Program: #19-05, Air Date: 01/21/19This Dutch ensemble (familiar to our listeners from many performances from the Utrecht Festival) gives us an amazing program of music that surrounded the artist Hieronymus Bosch.
MB1800, a NYC institution, is the city’s longest-running series devoted exclusively to early music. Since the series’ inception, concerts have been presented at Corpus Christi Church in Morningside Heights, giving audiences a uniquely satisfying experience.
Louise Basbas is the founder and director of the series. The New Yorker praised MB1800, calling it “the essential series.” Time Out New York remarked: “The resonant acoustics of Corpus Christi Church will deliver you into your own personal solitude.... Few other venues can claim this fusion of strong programming and quality auditory surroundings.”
Music Before 1800 is made possible by the New York State Council on the Arts with the support of Governor Andrew Cuomo and the New York State Legislature. MB1800 is also supported, in part, by the New York City Department of Cultural Affairs in partnership with the City Council.
NOTE: The fourth in our series of concerts in the Music Before 1800 series features the ensemble Cappella Pratensis. For more information: http://www.cappellapratensis.nl/
And very special thanks to Anderson Sound Recording for providing the audio for these concerts.

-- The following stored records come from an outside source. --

Section ProxStep.
Variables (n d : nat) (L mu eta : R) (fs : 'I_n -> vec d -> R) (gs : 'I_n -> vec d -> vec d).
Variables (dom : vec d -> Prop) (h : vec d -> R) (xstar : vec d) (prox : vec d -> vec d).
Hypotheses (n_gt0 : (0 < n)%N) (L_gt0 : 0 < L) (mu_gt0 : 0 < mu) (eta_gt0 : 0 < eta).
Hypothesis fs_grad : forall i, is_gradient (fs i) (gs i).
Hypothesis gs_lip : forall i, lipschitz_grad L (gs i).
Hypothesis h_convex : convex_on dom h.
Hypothesis xstar_min : forall y, dom y -> favg fs xstar + h xstar <= favg fs y + h y.
Hypothesis F_PL : is_PL fs gs dom h (favg fs xstar + h xstar) mu.
Hypothesis eta_prox : is_prox dom h eta prox.
Hypothesis etaL_lt1 : eta * L < 1.
Implicit Types x y : vec d.

Definition gap x := favg fs x + h x - (favg fs xstar + h xstar).

Lemma gap_ge0 x : dom x -> 0 <= gap x.
Proof. by move/xstar_min; rewrite /gap; lra. Qed.

Lemma favg_upper_bound x y :
  favg fs y <= favg fs x + inner (gavg gs x) (vsub y x) + L / 2 * sqnorm (vsub y x).
Proof.
have n0 : 0 < INR n by apply/lt_0_INR/ltP.
have sum_le : \big[Rplus/0]_(i < n) fs i y <= \big[Rplus/0]_(i < n)
    (fs i x + inner (gs i x) (vsub y x) + L / 2 * sqnorm (vsub y x)).
  by apply: big_Rle => i _; exact: smooth_upper_bound.
rewrite !big_split /= big_Rconst_card card_ord in sum_le.
rewrite /favg inner_gavg.
apply: (Rle_trans _ _ _ (Rmult_le_compat_l _ _ _ (Rlt_le _ _ (Rinv_0_lt_compat _ n0)) sum_le)).
by right; rewrite !Rmult_plus_distr_l; congr (_ + _); field; lra.
Qed.

Lemma PL_qmodel x : dom x -> exists y, dom y /\
  (forall w, dom w -> qmodel h (gavg gs x) x mu y <= qmodel h (gavg gs x) x mu w) /\
  qmodel h (gavg gs x) x mu y <= - gap x.
Proof.
move=> domx.
have [y [domy ymin]] := qmodel_minimizer h_convex (gavg gs x) x eta_gt0 eta_prox mu_gt0.
exists y; do 2!split => //.
suff : mu * gap x <= / 2 * (-2 * mu * qmodel h (gavg gs x) x mu y) by nra.
apply: (F_PL domx); exists (qmodel h (gavg gs x) x mu y); split => //; split.
  by exists y; split => //; rewrite /qmodel norm_sqE.
by move=> w /ymin; rewrite /qmodel norm_sqE.
Qed.

Lemma gap_eq0_of_lt_PL x : L < mu -> dom x -> gap x = 0.
Proof.
move=> L_lt_mu domx; have [y [domy [_ PLy]]] := PL_qmodel domx.
have up := favg_upper_bound x y; have gy := gap_ge0 domy; have gx := gap_ge0 domx.
have N0 := sqnorm_ge0 (vsub y x).
rewrite /qmodel /gap in PLy gy gx.
have /sqnorm_subr_eq0 yx : sqnorm (vsub y x) = 0 by nra.
by rewrite yx inner_subrr sqnorm_subrr in PLy; rewrite /gap; lra.
Qed.

Lemma prox_grad_qmodel_le x : dom x ->
  qmodel h (gavg gs x) x (/ eta) (prox (vsub x (vscale eta (gavg gs x))))
    <= - (mu * eta) * gap x.
Proof.
move=> domx; set gx := gavg gs x.
have [_ pmin] := prox_minimizes_qmodel gx x eta_gt0 eta_prox.
case: (Rle_lt_dec (mu * eta) 1) => [s_le1 | s_gt1].
  have [y [domy [_ PLy]]] := PL_qmodel domx.
  set s := mu * eta in s_le1 *; have s0 : 0 < s by apply: Rmult_lt_0_compat.
  have [doms hs] := h_convex domy domx (t := s) ltac:(lra).
  apply: (Rle_trans _ _ _ (pmin _ doms)); move: PLy; rewrite /qmodel -/gx.
  have -> : vsub (vadd (vscale s y) (vscale (1 - s) x)) x = vscale s (vsub y x) by vext.
  rewrite sqnormZ innerZr.
  have -> : / eta / 2 * (s ^ 2 * sqnorm (vsub y x)) = s * (mu / 2 * sqnorm (vsub y x)).
    by rewrite /s; field; lra.
  by nra.
(* mu eta > 1 forces L < mu, and then PL makes F constant on dom *)
have -> : gap x = 0 by apply: gap_eq0_of_lt_PL => //; nra.
apply: (Rle_trans _ _ _ (pmin _ domx)).
by rewrite /qmodel inner_subrr sqnorm_subrr; lra.
Qed.

(* Compare the inexact step x' with the exact prox-gradient point xb: the descent
   lemma at x', the variational inequality of x' tested at xb, and Young's
   inequality for the gradient error. *)
Lemma prox_step_gap_le x v : dom x ->
  let x' := prox (vsub x (vscale eta v)) in
  gap x' <= (1 - mu * eta) * gap x + eta / 2 * sqnorm (vsub (gavg gs x) v)
            - (/ (2 * eta) - L / 2) * sqnorm (vsub x' x).
Proof.
move=> domx x'; set gx := gavg gs x; set xb := prox (vsub x (vscale eta gx)).
have model := prox_grad_qmodel_le domx; rewrite -/gx -/xb /qmodel /gap in model.
have vi := prox_variational_ineq h_convex (vsub x (vscale eta v)) eta_gt0 eta_prox
  (proj1 (eta_prox (vsub x (vscale eta gx)))).
rewrite -/x' -/xb in vi.
have up := favg_upper_bound x x'; rewrite -/gx in up.
have young := inner_le_young (vsub gx v) (vsub x' xb) eta_gt0.
have e : inner gx (vsub x' x) - inner gx (vsub xb x)
    + / eta * inner (vsub x' (vsub x (vscale eta v))) (vsub xb x') - / eta / 2 * sqnorm (vsub xb x)
    = inner (vsub gx v) (vsub x' xb) - / (2 * eta) * sqnorm (vsub x' x)
      - / (2 * eta) * sqnorm (vsub x' xb).
  rewrite /sqnorm /inner !big_distrr -!big_Rminus -!big_split -?big_Rminus /=.
  by apply: eq_bigr => k _; rewrite /vsub /vscale; field; lra.
by rewrite /gap; lra.
Qed.

End ProxStep.

(** * Sampling with replacement *)

Section SampleSum.
Variables (n d : nat) (zeta : 'I_n -> vec d).
Hypothesis n_gt0 : (0 < n)%N.
Hypothesis zeta_mean0 : forall k, \big[Rplus/0]_(i < n) zeta i k = 0.

Definition tuple_sum m (t : m.-tuple 'I_n) : vec d :=
  fun k => \big[Rplus/0]_(i <- t) zeta i k.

Music clearly fascinated the great Dutch artist Hieronymus Bosch (c. 1450 - 1516); his sketches and paintings are peppered with closely observed depictions of music-making and musical instruments. But these pictures suggest a fraught relationship to the activity: representations of instruments put to lewd use and singers presented as fools or among hell’s company far outnumber angelic harpists. A blush of guilty pleasure colors the gaily carousing company of lay and religious men and women in the “Ship of Fools.” The Damned, who sing from notes spewed on a man’s naked posterior by a monstrous choirmaster in the “Hell” panel from “The Garden of Earthly Delights,” do so with gusto. Bosch seems to have experienced music as at once dangerous and delightful.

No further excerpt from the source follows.